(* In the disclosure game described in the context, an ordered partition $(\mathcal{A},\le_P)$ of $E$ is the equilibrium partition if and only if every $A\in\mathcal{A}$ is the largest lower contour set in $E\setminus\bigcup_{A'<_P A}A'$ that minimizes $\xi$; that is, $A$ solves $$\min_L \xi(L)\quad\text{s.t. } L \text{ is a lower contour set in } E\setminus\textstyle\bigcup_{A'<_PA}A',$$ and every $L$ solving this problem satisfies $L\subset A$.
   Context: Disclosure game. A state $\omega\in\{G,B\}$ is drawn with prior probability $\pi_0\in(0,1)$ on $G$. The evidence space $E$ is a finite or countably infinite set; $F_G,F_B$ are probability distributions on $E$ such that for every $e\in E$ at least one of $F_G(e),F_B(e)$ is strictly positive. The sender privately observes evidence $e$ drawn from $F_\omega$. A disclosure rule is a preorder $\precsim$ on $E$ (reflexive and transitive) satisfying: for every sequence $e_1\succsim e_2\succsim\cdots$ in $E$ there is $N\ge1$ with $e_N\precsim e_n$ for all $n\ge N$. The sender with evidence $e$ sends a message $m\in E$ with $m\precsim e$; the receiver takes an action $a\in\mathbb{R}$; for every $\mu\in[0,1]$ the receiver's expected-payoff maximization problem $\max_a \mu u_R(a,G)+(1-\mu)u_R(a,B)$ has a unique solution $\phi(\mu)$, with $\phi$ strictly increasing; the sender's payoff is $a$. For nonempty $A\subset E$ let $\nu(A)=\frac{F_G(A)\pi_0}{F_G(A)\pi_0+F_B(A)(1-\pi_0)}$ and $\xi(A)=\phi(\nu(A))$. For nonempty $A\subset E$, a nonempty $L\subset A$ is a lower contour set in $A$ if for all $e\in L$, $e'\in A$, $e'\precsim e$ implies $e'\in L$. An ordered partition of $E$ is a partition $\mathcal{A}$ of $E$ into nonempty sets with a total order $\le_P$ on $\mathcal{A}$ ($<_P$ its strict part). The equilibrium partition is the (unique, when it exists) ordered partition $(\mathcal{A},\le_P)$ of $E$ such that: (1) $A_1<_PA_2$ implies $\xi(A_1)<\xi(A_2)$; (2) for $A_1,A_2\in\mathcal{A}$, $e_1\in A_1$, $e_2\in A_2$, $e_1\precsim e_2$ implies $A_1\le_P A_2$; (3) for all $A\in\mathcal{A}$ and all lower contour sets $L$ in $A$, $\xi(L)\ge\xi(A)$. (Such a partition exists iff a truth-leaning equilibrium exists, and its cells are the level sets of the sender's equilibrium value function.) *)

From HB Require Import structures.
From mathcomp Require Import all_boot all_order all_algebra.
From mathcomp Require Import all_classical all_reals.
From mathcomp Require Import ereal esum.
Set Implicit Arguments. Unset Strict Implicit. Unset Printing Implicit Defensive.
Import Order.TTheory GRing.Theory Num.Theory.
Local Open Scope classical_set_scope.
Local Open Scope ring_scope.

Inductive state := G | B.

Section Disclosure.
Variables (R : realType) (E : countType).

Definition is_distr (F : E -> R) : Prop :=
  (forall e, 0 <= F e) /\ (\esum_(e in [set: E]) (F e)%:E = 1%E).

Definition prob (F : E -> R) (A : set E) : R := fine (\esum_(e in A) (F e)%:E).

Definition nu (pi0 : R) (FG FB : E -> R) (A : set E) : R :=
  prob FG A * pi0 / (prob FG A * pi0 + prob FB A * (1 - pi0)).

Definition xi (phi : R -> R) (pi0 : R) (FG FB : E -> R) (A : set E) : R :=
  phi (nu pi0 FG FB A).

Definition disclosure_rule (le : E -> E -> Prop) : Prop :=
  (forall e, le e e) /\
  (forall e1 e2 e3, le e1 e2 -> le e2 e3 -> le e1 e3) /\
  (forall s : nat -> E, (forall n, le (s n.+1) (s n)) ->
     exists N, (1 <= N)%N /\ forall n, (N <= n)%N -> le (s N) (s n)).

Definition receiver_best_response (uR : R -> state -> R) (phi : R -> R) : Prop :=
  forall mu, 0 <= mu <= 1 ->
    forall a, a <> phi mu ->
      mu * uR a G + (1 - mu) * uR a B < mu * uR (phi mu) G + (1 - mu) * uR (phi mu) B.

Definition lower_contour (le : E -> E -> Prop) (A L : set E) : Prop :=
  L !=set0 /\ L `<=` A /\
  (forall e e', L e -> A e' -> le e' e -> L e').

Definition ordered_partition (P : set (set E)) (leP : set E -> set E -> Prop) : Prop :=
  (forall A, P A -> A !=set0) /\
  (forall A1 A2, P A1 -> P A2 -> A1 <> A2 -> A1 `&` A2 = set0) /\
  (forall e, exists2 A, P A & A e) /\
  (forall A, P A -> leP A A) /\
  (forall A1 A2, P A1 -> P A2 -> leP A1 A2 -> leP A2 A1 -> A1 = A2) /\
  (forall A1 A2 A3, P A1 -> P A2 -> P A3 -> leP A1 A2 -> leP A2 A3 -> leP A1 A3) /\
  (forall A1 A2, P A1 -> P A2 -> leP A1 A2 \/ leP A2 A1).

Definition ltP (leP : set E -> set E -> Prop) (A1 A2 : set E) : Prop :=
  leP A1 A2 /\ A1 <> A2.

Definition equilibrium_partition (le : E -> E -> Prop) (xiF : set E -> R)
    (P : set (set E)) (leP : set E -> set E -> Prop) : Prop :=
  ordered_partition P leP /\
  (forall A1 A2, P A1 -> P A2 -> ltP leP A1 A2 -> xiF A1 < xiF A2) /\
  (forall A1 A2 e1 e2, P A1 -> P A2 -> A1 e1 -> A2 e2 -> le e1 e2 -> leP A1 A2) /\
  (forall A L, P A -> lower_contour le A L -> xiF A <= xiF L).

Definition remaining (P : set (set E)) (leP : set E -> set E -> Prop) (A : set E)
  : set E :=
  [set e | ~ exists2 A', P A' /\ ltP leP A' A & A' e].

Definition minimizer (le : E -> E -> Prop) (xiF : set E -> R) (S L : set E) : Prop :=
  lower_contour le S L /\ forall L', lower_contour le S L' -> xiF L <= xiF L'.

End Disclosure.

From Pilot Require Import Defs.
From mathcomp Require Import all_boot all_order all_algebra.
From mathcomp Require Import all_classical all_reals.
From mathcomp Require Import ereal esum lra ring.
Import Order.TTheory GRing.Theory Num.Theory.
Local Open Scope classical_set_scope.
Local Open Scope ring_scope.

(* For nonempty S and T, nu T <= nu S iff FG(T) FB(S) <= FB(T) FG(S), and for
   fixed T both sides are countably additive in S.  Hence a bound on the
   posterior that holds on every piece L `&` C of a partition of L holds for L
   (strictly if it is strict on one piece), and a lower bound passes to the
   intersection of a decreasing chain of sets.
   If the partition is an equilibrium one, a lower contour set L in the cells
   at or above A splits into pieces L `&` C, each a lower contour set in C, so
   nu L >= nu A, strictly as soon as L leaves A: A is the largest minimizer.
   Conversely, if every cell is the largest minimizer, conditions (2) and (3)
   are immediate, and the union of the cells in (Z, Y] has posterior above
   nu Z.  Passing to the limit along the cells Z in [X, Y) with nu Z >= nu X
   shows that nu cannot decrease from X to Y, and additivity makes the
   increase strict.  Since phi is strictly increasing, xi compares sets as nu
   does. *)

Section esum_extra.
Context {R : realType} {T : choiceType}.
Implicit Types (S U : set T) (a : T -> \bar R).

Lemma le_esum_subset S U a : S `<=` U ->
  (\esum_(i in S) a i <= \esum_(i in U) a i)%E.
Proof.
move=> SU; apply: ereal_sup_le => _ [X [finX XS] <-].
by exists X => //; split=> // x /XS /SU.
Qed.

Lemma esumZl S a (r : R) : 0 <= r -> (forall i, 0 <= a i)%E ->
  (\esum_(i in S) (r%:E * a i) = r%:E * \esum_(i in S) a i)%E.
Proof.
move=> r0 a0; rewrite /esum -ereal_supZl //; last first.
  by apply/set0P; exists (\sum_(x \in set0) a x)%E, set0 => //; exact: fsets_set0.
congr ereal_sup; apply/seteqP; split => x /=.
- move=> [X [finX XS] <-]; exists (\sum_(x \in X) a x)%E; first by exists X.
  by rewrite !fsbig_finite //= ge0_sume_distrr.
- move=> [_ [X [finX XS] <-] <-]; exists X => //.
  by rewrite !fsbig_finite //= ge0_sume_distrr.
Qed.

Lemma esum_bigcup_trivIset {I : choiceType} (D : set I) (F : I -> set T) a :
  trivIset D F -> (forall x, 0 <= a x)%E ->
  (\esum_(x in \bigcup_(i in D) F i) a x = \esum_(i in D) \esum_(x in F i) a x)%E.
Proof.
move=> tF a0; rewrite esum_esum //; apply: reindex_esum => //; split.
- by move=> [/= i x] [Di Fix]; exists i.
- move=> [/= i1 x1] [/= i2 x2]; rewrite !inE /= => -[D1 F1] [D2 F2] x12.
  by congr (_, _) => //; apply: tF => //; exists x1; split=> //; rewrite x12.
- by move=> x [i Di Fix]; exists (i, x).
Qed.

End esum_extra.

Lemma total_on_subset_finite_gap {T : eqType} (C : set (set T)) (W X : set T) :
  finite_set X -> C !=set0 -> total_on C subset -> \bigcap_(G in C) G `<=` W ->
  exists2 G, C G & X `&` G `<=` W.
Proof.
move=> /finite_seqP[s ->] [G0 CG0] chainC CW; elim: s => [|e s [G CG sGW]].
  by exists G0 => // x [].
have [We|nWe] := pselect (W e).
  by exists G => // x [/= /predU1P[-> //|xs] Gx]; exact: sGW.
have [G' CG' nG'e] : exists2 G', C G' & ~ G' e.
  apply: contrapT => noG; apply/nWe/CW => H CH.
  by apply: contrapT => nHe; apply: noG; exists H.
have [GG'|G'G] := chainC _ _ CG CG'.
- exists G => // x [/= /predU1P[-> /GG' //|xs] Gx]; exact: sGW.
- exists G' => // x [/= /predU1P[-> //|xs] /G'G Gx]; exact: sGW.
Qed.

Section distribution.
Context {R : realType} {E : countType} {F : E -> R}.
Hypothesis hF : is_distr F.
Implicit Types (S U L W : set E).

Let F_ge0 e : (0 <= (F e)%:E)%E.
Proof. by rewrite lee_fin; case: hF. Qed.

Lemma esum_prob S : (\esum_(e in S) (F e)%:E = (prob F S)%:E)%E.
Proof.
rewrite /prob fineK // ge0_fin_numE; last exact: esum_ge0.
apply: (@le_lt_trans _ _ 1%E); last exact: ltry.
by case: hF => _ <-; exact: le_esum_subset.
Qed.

____

Among the lines above, find those containing the word "last" and copy each.

move=> r0 a0; rewrite /esum -ereal_supZl //; last first.
rewrite /prob fineK // ge0_fin_numE; last exact: esum_ge0.
apply: (@le_lt_trans _ _ 1%E); last exact: ltry.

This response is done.